Wednesday, December 15, 2010
Word has come from the Peck Canyon Corridor of another deadly shooting in Arizona's borderlands.
This latest episode took the life of Border Patrol agent Brian A. Terry. Details are sketchy as of now, but it appears Terry came upon a group of presumed smugglers at Peck Wells, which is part of Peck Canyon, when the shooting occurred.
The Border Patrol's public-information office in Tucson confirms that at least four suspects are in custody, and one more is being pursued. A massive manhunt is underway as Border Patrol and other law-enforcement agencies try to apprehend the suspect, believed to be trying to flee into Mexico.
A rancher in the southern part of the Peck Corridor, reached moments ago, tells me that law-enforcement vehicles have been roaring up and down Ruby Road all morning. "The hills around my house are crawling with agents," he says. "They're all over the place"
Peck Wells is on Coronado National Forest land about 2 miles west of David and Edith Lowell's Atascosa Ranch home. The Lowells played a prominent role in my recent Tucson Weekly cover story on the Peck Canyon Corridor.
The piece drew a parallel between the increasing violence in this area north and west of Nogales with what had been happening in the Chiricahua Corridor, above Douglas, prior to the March 27 murder of Rob Krentz.
The killer in that case is still at large. But investigators followed what were believed to be the killer's tracks into Mexico, and Cochise County Sheriff Larry Dever says he has reason to believe the killer was a drug scout.
One of my Chiricahua Corridor articles revolved around Louie Pope, who agreed to tell his story, and allow his name to be used, in spite of the clear danger.
Louie said: "I really expect to get death threats from this, but we have the opportunity to tell an important story about what's happening out here, and we need to do it before something bad happens."
Krentz was killed six months later.
About the Peck Corridor, last month's story said: "Can the violence be stopped before we have another borderlands tragedy involving an American citizen or a lawman?”
Sad to say, we can't.
The Peck Corridor story reported that there had been at least five shootings on the Lowells' Atascosa Ranch in the past year.
Three of these were sniper-style shootings in Peck Canyon itself.
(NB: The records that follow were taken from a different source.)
(* Items I = 'I_n, values [0;B] = 'I_B.+1; vectors in [0;B]^I. *)
Definition vec (n B : nat) := {ffun 'I_n -> 'I_B.+1}.

Definition leV n B (u v : vec n B) : bool := [forall i, (u i <= v i)%N].

Definition downward_closed n B (F : {set vec n B}) : Prop :=
  forall u v : vec n B, leV u v -> v \in F -> u \in F.

Section CRS.
Variables (R : realFieldType) (n B : nat).

Definition is_dist (q : 'I_n -> 'I_B.+1 -> R) : Prop :=
  (forall i j, 0 <= q i j) /\ (forall i, \sum_j q i j = 1).

Definition probv (q : 'I_n -> 'I_B.+1 -> R) (v : vec n B) : R :=
  \prod_i q i (v i).

(* A randomized mapping psi is given by its output distribution psi v
   on [0;B]^I for each input v. *)
Definition scheme := vec n B -> {ffun vec n B -> R}.

Definition valid_scheme (F : {set vec n B}) (psi : scheme) : Prop :=
  forall v : vec n B,
    (forall w, 0 <= psi v w) /\ (\sum_w psi v w = 1) /\
    (forall w, psi v w != 0 ->
       w \in F /\ forall i, (w i = 0 :> nat)%N \/ w i = v i).

Definition joint_keep (q : 'I_n -> 'I_B.+1 -> R) (psi : scheme)
    (i : 'I_n) (j : 'I_B.+1) : R :=
  \sum_(v : vec n B) \sum_(w : vec n B)
     (if (v i == j) && (w i == j) then probv q v * psi v w else 0).

Definition prob_val (q : 'I_n -> 'I_B.+1 -> R) (i : 'I_n) (j : 'I_B.+1) : R :=
  \sum_(v : vec n B | v i == j) probv q v.

(* alpha-CRS: conditional probability Pr[psi(v)(i)=j | v(i)=j] >= alpha,
   required whenever the conditioning event has positive probability. *)
Definition is_CRS (q : 'I_n -> 'I_B.+1 -> R) (F : {set vec n B})
    (alpha : R) (psi : scheme) : Prop :=
  0 <= alpha <= 1 /\ valid_scheme F psi /\
  forall (i : 'I_n) (j : 'I_B.+1), (0 < j)%N -> 0 < prob_val q i j ->
    alpha <= joint_keep q psi i j / prob_val q i j.

Definition keep_prob (psi : scheme) (v : vec n B) (i : 'I_n) : R :=
  \sum_(w : vec n B | w i == v i) psi v w.

Definition monotone_scheme (psi : scheme) : Prop :=
  forall (u v : vec n B) (i : 'I_n), u i = v i -> leV u v ->
    keep_prob psi v i <= keep_prob psi u i.

Definition has_monotone_CRS (q : 'I_n -> 'I_B.+1 -> R) (F : {set vec n B})
    (alpha : R) : Prop :=
  exists psi : scheme, is_CRS q F alpha psi /\ monotone_scheme psi.

End CRS.
Theorem mainTheorem11 (c : nat -> bool) (d : nat -> nat) :
  is_comp_inverse c ->
  (forall i : nat, (d i < d i.+1)%N) ->
  (forall m : nat, ((0 < m)%N /\ c m = false) <-> exists k : nat, d k = m) ->
  forall n : nat, zseq d n = 1%Z <-> representable n.
Proof.
move=> invFG d_incr d_range n.
have inD_range m : inD m <-> exists k, d k = m.
  apply: iff_trans (d_range m); rewrite /inD; case: (posnP m) => [-> | m0].
    by split=> -[].
  by rewrite (comp_inverse_coef invFG m0); case: (in_dspread _); split=> // -[].
have [j [r [ltr4 Ed notTj]]] := inD_split (proj2 (inD_range _) (ex_intro _ (4 * n) erefl)).
have := count_iota_enum d_incr inD_range (4 * n); rewrite Ed count_inD // ?notTj; last lia.
move=> Hn; have {Hn} [r0 En] : r = 0 /\ n = count (predC in_dspread) (iota 0 j.+1) by lia.
have -> : zseq d n = Posz (odd (count in_dspread (iota 0 j.+1))).
  rewrite /zseq Ed r0 (_ : (4 * j + 3 + 0).+1 %/ 4 = j.+1); last lia.
  rewrite subzn; last by rewrite En count_predC_iota; lia.
  rewrite modz_nat En count_predC_iota subKn -?[(1 + 1)%N]/2 ?modn2 //.
  by have := count_size in_dspread (iota 0 j.+1); rewrite size_iota.
by rewrite representable_rep En -odd_count_dspread //; case: (odd _).
Qed.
There was another sniper-style shooting—this of a Border Patrol agent, wounded in the ankle—in Ramanote Canyon in December of 2009. Ramanote Canyon is about 2 miles from Peck Wells.
The story asked the question: Is it safe for American citizens to go onto this public land to hunt, hike and camp?
We got an answer shortly after the story ran, when gunmen menaced a group of quail hunters in the Peck Corridor, the bad guys firing shots over the hunters' heads as they fled.
And at a citizens' meeting at Border Patrol HQ in Nogales just last night, rancher Dan Bell told me of an episode that occurred along Ruby Road within the past week.
Immigration and Customs Enforcement agents were chasing smugglers along Ruby Road, the druggies heaving their bales out the back of the truck at the pursuing ICE vehicle.
Janet Napolitano—who keeps telling us the border is just fine, nothing to see here, move along—should be put under hot lights over the Terry killing.
She needs to explain why she thinks it's safe for American citizens to venture onto this Coronado National Forest land. Would she go there herself? Would she take her family, her dog? Or would she go only with a heavily-armed security detail?
From his ranch headquarters this morning, David Lowell says: "I feel bad about the really lousy job our government is doing—not Border Patrol, but the politicians. If the same Border Patrolman had shot first and killed the (presumed) Mexican that killed him, he'd probably have a ticket to go to prison. It's a really dumb way to try to protect our southern border.
"The rules of engagement need to be changed," Lowell continued. "We should do whatever we can to allow the Border Patrol to terrify the Mexican criminals, instead of vice versa."
Lowell says he spoke this morning with a Border Patrol agent and a friend from the Forest Service.
The agent told him the shooters were likely border bandits, although that is unconfirmed, and we don't know which side of the line they're from.
The forest service man told David this might not be a good day to go out working cattle on horseback.
In other words, American citizens have to hunker down, watch their backs, hope for the best.
"Edith and I just had a discussion, and we agreed to keep our doors locked," says David. "And she might move her shotgun from under the computer table to the top of it."
We shouldn't have to keep enduring horrors of this type any time of year, but they're especially difficult at Christmas. Keep Brian Terry and his family in your thoughts and prayers.